Two of my patients some time ago were men in their 40’s, married faithfully, each with a couple of adored children.  Both men were coming to therapy because of panic attacks – terrifying moments of helplessness and confusion, feelings so painful that neither man could really find the words to describe what happened to them at these times.

Each of these men were up against extremely stressful circumstances:  one man was facing serious financial troubles with his business; the other had learned that his wife had a difficult health issue that she would need to address.  It wasn’t hard to understand their fear, their dismay.  Yet at first glance, these men seemed to have all the strength they might need to face their challenges: intelligence, the love and support of significant others, considerable talents, and many previous achievements and successes.  Both men were going ahead and doing what they needed to do.  But neither could stop the force with which they would suddenly, with little warning, find themselves in the grip of panic episodes so intense that they feared they might be losing their mind.

What these men, and many other men and women I’ve known, had in common was that they were taught, pretty much starting in the cradle, that feelings of distress, of any kind, were not worth having.  They were taught, by the way they were responded to by their parents, that to be afraid, or sad, disappointed, hurt – feelings like that were just a waste of time.  Don’t feel sorry for yourself, it’s nothing, don’t be ridiculous – cheer up, forget about it; those were the more benign kinds of responses they got when they were seeking comfort and understanding.  Others I’ve talked to tell me that they would get yelled at, or hit, if they were upset.  One man recalled that every childhood picture showing him smiling was taken just after his father had smacked him in the face, for not smiling.
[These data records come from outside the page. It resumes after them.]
Definition dist_half_diam Q x := dist_to Q x + diam Q / 2.

Lemma Delta_sub (X Y : set 'rV[R]_k.+1) g : Y `<=` X -> Delta X g -> Delta Y g.
Proof.
move=> YX [[M gM] tri]; split; first by exists M => x /YX; apply: gM.
by move=> x y /YX Xx /YX Xy; apply: tri.
Qed.

End DistDiam.

Section RotationInvariant.
Variables (R : realType) (m : nat) (P : set 'rV[R]_m.+3) (a : 'rV[R]_m.+3).
Hypotheses (PS : P `<=` @sphere R m.+2) (Pa : P a).
Hypothesis P_rotation : forall M : 'M[R]_m.+3, rotation M -> a *m M = a ->
  forall x, P (x *m M) <-> P x.

Let ha : dotp a a = 1 := PS Pa.

Lemma dist_to_rotation M z : rotation M -> a *m M = a -> dotp z z = 1 ->
  dist_to P (z *m M) = dist_to P z.
Proof.
have dist_le M' z' : rotation M' -> a *m M' = a -> dotp z' z' = 1 ->
    dist_to P (z' *m M') <= dist_to P z'.
  move=> rM aM hz; apply: (lb_le_dist_to Pa) => p Pp.
  rewrite /gdist -(dotp_rotation z' p rM); apply: dist_to_le => //.
    by rewrite dotp_rotation.
  exact/(P_rotation rM aM).
move=> rM aM hz; apply/eqP; rewrite eq_le dist_le //=.
have hzM : dotp (z *m M) (z *m M) = 1 by rewrite dotp_rotation.
have := dist_le _ _ (rotation_tr rM) (rotation_fix_tr rM aM) hzM.
by rewrite -mulmxA (proj1 rM) mulmx1.
Qed.

Section Slice.
Variables (j : nat) (V : 'M[R]_(j, m.+3)).
Hypotheses (rV : (1 < \rank V)%N) (aV : (a <= V)%MS).

Let PV := P `&` great_sphere V.
Let PV_sphere : PV `<=` @sphere R m.+2 := subset_trans (@subIsetl _ _ _) PS.
Let PVa : PV a. Proof. by split; last split. Qed.

Lemma exists_rotation_into_slice p u :
  P p -> dotp u u = 1 -> dotp u a = 0 -> (u <= V)%MS ->
  exists M, [/\ rotation M, a *m M = a, p *m M = meridian a u (dotp p a) & PV (p *m M)].
Proof.
move=> Pp hu ua uV; have hp := PS Pp.
have [M [rM aM pM]] := exists_rotation_meridian ha hp hu ua.
exists M; split => //; split; first exact/(P_rotation rM aM).
by rewrite pM; apply: meridian_great_sphere; rewrite // dotp_unit_bound.
Qed.

Lemma dist_to_slice z : great_sphere V z -> dist_to P z = dist_to PV z.
Proof.
move=> [hz zV]; apply/eqP; rewrite eq_le; apply/andP; split.
  by apply: (lb_le_dist_to PVa) => p [Pp _]; apply: dist_to_le.
apply: (lb_le_dist_to Pa) => p Pp.
have [u [hu ua uV zE]] := meridian_decomp ha hz rV aV zV.
have [M [_ _ pM PVpM]] := exists_rotation_into_slice Pp hu ua uV.
apply: le_trans (dist_to_le PV_sphere hz PVpM) _.
have hs : -1 <= dotp z a <= 1 by rewrite dotp_unit_bound.
have /andP[+ _] := gdist_meridian_bounds ha hu ua hs (PS Pp).
by rewrite -zE -pM.
Qed.

Lemma diam_slice : diam P = diam PV.
Proof.
apply/eqP; rewrite eq_le; apply/andP; split; last first.
  by apply: (diam_le_ub PVa) => p q [Pp _] [Pq _]; apply: gdist_le_diam.
apply: (diam_le_ub Pa) => p q Pp Pq.
have [u [hu ua uV]] := exists_unit_orth_sub a rV.
have hnu : dotp (- u) (- u) = 1 by rewrite dotpNN.
have nua : dotp (- u) a = 0 by rewrite dotpNl ua oppr0.
have nuV : (- u <= V)%MS by rewrite eqmx_opp.
have [M [rM aM pM PVpM]] := exists_rotation_into_slice Pp hu ua uV.
have [N [_ _ qN PVqN]] := exists_rotation_into_slice Pq hnu nua nuV.
(* Rotate [p] onto the meridian through [u]: the image of [q] is then at most
   as far from it as the point of the same height on the opposite meridian. *)
have hqM : dotp (q *m M) (q *m M) = 1 by rewrite dotp_rotation // PS.
have qMa : dotp (q *m M) a = dotp q a by rewrite -{1}aM dotp_rotation.
have hs : -1 <= dotp p a <= 1 by rewrite dotp_unit_bound // PS.
have /andP[_] := gdist_meridian_bounds ha hu ua hs hqM.
rewrite -pM qMa -qN /gdist dotp_rotation // => pq_le.
exact: le_trans pq_le (gdist_le_diam PV_sphere PVpM PVqN).
Qed.

Lemma dist_half_diam_slice z : great_sphere V z -> dist_half_diam P z = dist_half_diam PV z.
Proof. by move=> Vz; rewrite /dist_half_diam dist_to_slice // diam_slice. Qed.

End Slice.

Hypothesis P_slice : forall V : 'M[R]_(m.+2, m.+3), \rank V = m.+2 -> (a <= V)%MS ->
  admissible (great_sphere V) (P `&` great_sphere V).

Lemma dist_half_diam_triangle x y : dotp x x = 1 -> dotp y y = 1 ->
  gdist x y <= dist_half_diam P x + dist_half_diam P y.
Proof.
move=> hx hy; have [V [rV aV xV]] := exists_slice a x.
have rV1 : (1 < \rank V)%N by rewrite rV.
have [u [hu ua uV xE]] := meridian_decomp ha hx rV1 aV xV.
have hnu : dotp (- u) (- u) = 1 by rewrite dotpNN.
have nua : dotp (- u) a = 0 by rewrite dotpNl ua oppr0.
have [M [rM aM yM]] := exists_rotation_meridian ha hy hnu nua.
have VyM : great_sphere V (y *m M).
  by rewrite yM; apply: meridian_great_sphere; rewrite ?dotpNN ?eqmx_opp ?dotp_unit_bound.
have -> : dist_half_diam P y = dist_half_diam P (y *m M).
  by rewrite /dist_half_diam dist_to_rotation.
rewrite !(dist_half_diam_slice rV1 aV) //.
have [[_ triV] _] := P_slice rV aV.
apply: le_trans (triV _ _ _ VyM) => //.
have hs : -1 <= dotp x a <= 1 by rewrite dotp_unit_bound.
have /andP[_] := gdist_meridian_bounds ha hu ua hs hy.
by rewrite -xE -yM.
Qed.

Lemma Delta_dist_half_diam : Delta (@sphere R m.+2) (dist_half_diam P).
Proof.
split; last exact: dist_half_diam_triangle.
exists (pi + pi) => x hx; rewrite /dist_half_diam.
have /andP[? ?] := dist_to_bounds PS hx Pa; have /andP[? ?] := diam_bounds PS Pa.
by rewrite ger0_norm; lra.
Qed.

Lemma dist_half_diam_minimal g : Delta (@sphere R m.+2) g ->
  (forall x, dotp x x = 1 -> g x <= dist_half_diam P x) ->
  forall x, dotp x x = 1 -> g x = dist_half_diam P x.
Proof.
move=> Dg g_le x hx.
have [V [rV aV xV]] := exists_slice a x.
have rV1 : (1 < \rank V)%N by rewrite rV.
have [_ minV] := P_slice rV aV.
rewrite (dist_half_diam_slice rV1 aV) //; apply: minV => //.
  by apply: Delta_sub Dg => z [].
move=> z Vz; have := g_le z (proj1 Vz).
by rewrite (dist_half_diam_slice rV1 aV Vz).
Qed.

End RotationInvariant.

Theorem proposition4p13 (R : realType) (n : nat) (hn : (1 <= n)%N)
  (P : set 'rV[R]_n.+2) (a : 'rV[R]_n.+2) :
  P `<=` @sphere R n.+1 ->
  P a ->
  (forall M : 'M[R]_n.+2, rotation M -> a *m M = a ->
     forall x, P (x *m M) <-> P x) ->
  (forall V : 'M[R]_(n.+1, n.+2), \rank V = n.+1 -> (a <= V)%MS ->
     admissible (great_sphere V) (P `&` great_sphere V)) ->
  admissible (@sphere R n.+1) P.
Proof.
case: n hn P a => [//|m] _ P a PS Pa P_rotation P_slice.
split; first exact: (Delta_dist_half_diam PS Pa P_rotation P_slice).
exact: (dist_half_diam_minimal PS Pa P_rotation P_slice).
Qed.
Obviously, parents want their children to learn to be strong, have a thick skin, be able to handle themselves, because parents want their children to grow up to succeed in the competitive adult world.  But too often, parents want to dismiss the difficult, painful feelings their children have, because many parents are overworked, too stressed, and too tired to have the patience and take the time to calmly and sensitively tune in to what their children are feeling. 

If we as parents are not dealing with our own troubles – avoiding them by drinking too much, for example, or zoning out in front of the television night after night - then we are not teaching our children how to understand and express their feelings, because we are finding it preferable to be numb.  In essence, we end up telling our children that we love them when they don’t bother us with their troubles – and that they can expect withdrawal from us if they aren’t burying their feelings and making things easy for us.

When you learn to minimize your own feelings and needs, and to adopt a stance of always being “fine,” because that’s what your parents rewarded, or because it made you feel superior to your whiney sister, or because it made your anxious, depressed parent feel better, you have learned not to take care of yourself.  The contempt and dismissiveness you’ve learned to feel toward your own vulnerability keeps you from tuning in to what you feel, what you really need and want.  When all the suppressed and warded off feelings reach a boiling point, they break through the walls of denial, and hit the fan, wreaking panicky havoc.

Life is always going to be presenting us with problems, including some that are frightening and overwhelming.  We will, every one of us, have to face painful situations, no matter how much you may think you’ve got it all under control.  Contempt and impatience for your own feelings, and for those of your spouse and children, are not effective coping mechanisms.  What that’s really about is fear – fear of feelings.  Feelings are what make us alive – and being able to stay open to the full range of our feelings is a way toward realizing the fullness of the human potential – for growth, for health, for life.